> GIVEN DATA:
Lemma sign_three_equilibria t1 t2 t3 :
  t1 < t2 -> t2 < t3 ->
  (forall t, is_equilibrium a b c d t <-> (t = t1 \/ t = t2 \/ t = t3)) ->
  forall t, 0 < t -> t <> t1 -> t <> t2 -> t <> t3 ->
    (phi a b c d t - t) * (t - t1) * (t - t2) * (t - t3) < 0.
Proof.
  intros H12 H23 Heq t Ht H1 H2 H3.
  destruct (is_equilibrium_root _ _ _ _ _ (proj2 (Heq t1) (or_introl eq_refl))) as [h1 P1].
  destruct (is_equilibrium_root _ _ _ _ _
    (proj2 (Heq t2) (or_intror (or_introl eq_refl)))) as [h2 P2].
  destruct (is_equilibrium_root _ _ _ _ _
    (proj2 (Heq t3) (or_intror (or_intror eq_refl)))) as [h3 P3].
  destruct (Ppoly_factor_two_pos_roots a b c d t1 t2 hd h1 h2 ltac:(lra) P1 P2)
    as [r [s [[Hr Hs] F]]].
  assert (Hs3 : s = t3).
  { assert (E : (t3 - s) * ((t3 - t1) * (t3 - t2) * (t3 - r)) = 0)
      by (rewrite <- P3, F; ring).
    assert (0 < (t3 - t1) * (t3 - t2) * (t3 - r))
      by (repeat apply Rmult_lt_0_compat; lra).
    apply Rmult_integral in E as [E | E]; lra. }
  subst s.
  replace ((phi a b c d t - t) * (t - t1) * (t - t2) * (t - t3))
    with ((phi a b c d t - t) * ((t - t1) * (t - t2) * (t - t3))) by ring.
  apply phi_sub_mul_lt0; [exact Ht |].
  apply (simple_roots_sign _ t1 t2 t3 r); auto; lra.
Qed.

End Equilibria.

Theorem theorem3 (a b c d cminus : R)
  (ha : 0 < a) (hb : 0 < b) (hd : 0 < d)
  (hcminus : is_c_minus a b d cminus) (hc : cminus < c) :
  (forall tb, is_equilibrium a b c d tb ->
     (forall t, is_equilibrium a b c d t -> t = tb) ->
     forall t, 0 < t -> t <> tb -> (phi a b c d t - t) * (t - tb) < 0) /\
  (forall t1 t2, t1 < t2 ->
     (forall t, is_equilibrium a b c d t <-> (t = t1 \/ t = t2)) ->
     (is_c_M a b d c ->
        forall t, 0 < t -> t <> t1 -> t <> t2 ->
          (phi a b c d t - t) * (t - t2) < 0) /\
     (is_c_m a b d c ->
        forall t, 0 < t -> t <> t1 -> t <> t2 ->
          (phi a b c d t - t) * (t - t1) < 0)) /\
  (forall t1 t2 t3, t1 < t2 -> t2 < t3 ->
     (forall t, is_equilibrium a b c d t <-> (t = t1 \/ t = t2 \/ t = t3)) ->
     forall t, 0 < t -> t <> t1 -> t <> t2 -> t <> t3 ->
       (phi a b c d t - t) * (t - t1) * (t - t2) * (t - t3) < 0).
Proof.
  split; [| split].
  - exact (sign_one_equilibrium a b c d hd).
  - exact (sign_two_equilibria a b c d hd).
  - exact (sign_three_equilibria a b c d hd).
Qed.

> EXERCISE REQUIREMENTS: Reproduce each entry above exactly, keeping every word.

> YOUR RESPONSE:
Lemma sign_three_equilibria t1 t2 t3 :
  t1 < t2 -> t2 < t3 ->
  (forall t, is_equilibrium a b c d t <-> (t = t1 \/ t = t2 \/ t = t3)) ->
  forall t, 0 < t -> t <> t1 -> t <> t2 -> t <> t3 ->
    (phi a b c d t - t) * (t - t1) * (t - t2) * (t - t3) < 0.
Proof.
  intros H12 H23 Heq t Ht H1 H2 H3.
  destruct (is_equilibrium_root _ _ _ _ _ (proj2 (Heq t1) (or_introl eq_refl))) as [h1 P1].
  destruct (is_equilibrium_root _ _ _ _ _
    (proj2 (Heq t2) (or_intror (or_introl eq_refl)))) as [h2 P2].
  destruct (is_equilibrium_root _ _ _ _ _
    (proj2 (Heq t3) (or_intror (or_intror eq_refl)))) as [h3 P3].
  destruct (Ppoly_factor_two_pos_roots a b c d t1 t2 hd h1 h2 ltac:(lra) P1 P2)
    as [r [s [[Hr Hs] F]]].
  assert (Hs3 : s = t3).
  { assert (E : (t3 - s) * ((t3 - t1) * (t3 - t2) * (t3 - r)) = 0)
      by (rewrite <- P3, F; ring).
    assert (0 < (t3 - t1) * (t3 - t2) * (t3 - r))
      by (repeat apply Rmult_lt_0_compat; lra).
    apply Rmult_integral in E as [E | E]; lra. }
  subst s.
  replace ((phi a b c d t - t) * (t - t1) * (t - t2) * (t - t3))
    with ((phi a b c d t - t) * ((t - t1) * (t - t2) * (t - t3))) by ring.
  apply phi_sub_mul_lt0; [exact Ht |].
  apply (simple_roots_sign _ t1 t2 t3 r); auto; lra.
Qed.

End Equilibria.

Theorem theorem3 (a b c d cminus : R)
  (ha : 0 < a) (hb : 0 < b) (hd : 0 < d)
  (hcminus : is_c_minus a b d cminus) (hc : cminus < c) :
  (forall tb, is_equilibrium a b c d tb ->
     (forall t, is_equilibrium a b c d t -> t = tb) ->
     forall t, 0 < t -> t <> tb -> (phi a b c d t - t) * (t - tb) < 0) /\
  (forall t1 t2, t1 < t2 ->
     (forall t, is_equilibrium a b c d t <-> (t = t1 \/ t = t2)) ->
     (is_c_M a b d c ->
        forall t, 0 < t -> t <> t1 -> t <> t2 ->
          (phi a b c d t - t) * (t - t2) < 0) /\
     (is_c_m a b d c ->
        forall t, 0 < t -> t <> t1 -> t <> t2 ->
          (phi a b c d t - t) * (t - t1) < 0)) /\
  (forall t1 t2 t3, t1 < t2 -> t2 < t3 ->
     (forall t, is_equilibrium a b c d t <-> (t = t1 \/ t = t2 \/ t = t3)) ->
     forall t, 0 < t -> t <> t1 -> t <> t2 -> t <> t3 ->
       (phi a b c d t - t) * (t - t1) * (t - t2) * (t - t3) < 0).
Proof.
  split; [| split].
  - exact (sign_one_equilibrium a b c d hd).
  - exact (sign_two_equilibria a b c d hd).
  - exact (sign_three_equilibria a b c d hd).
Qed.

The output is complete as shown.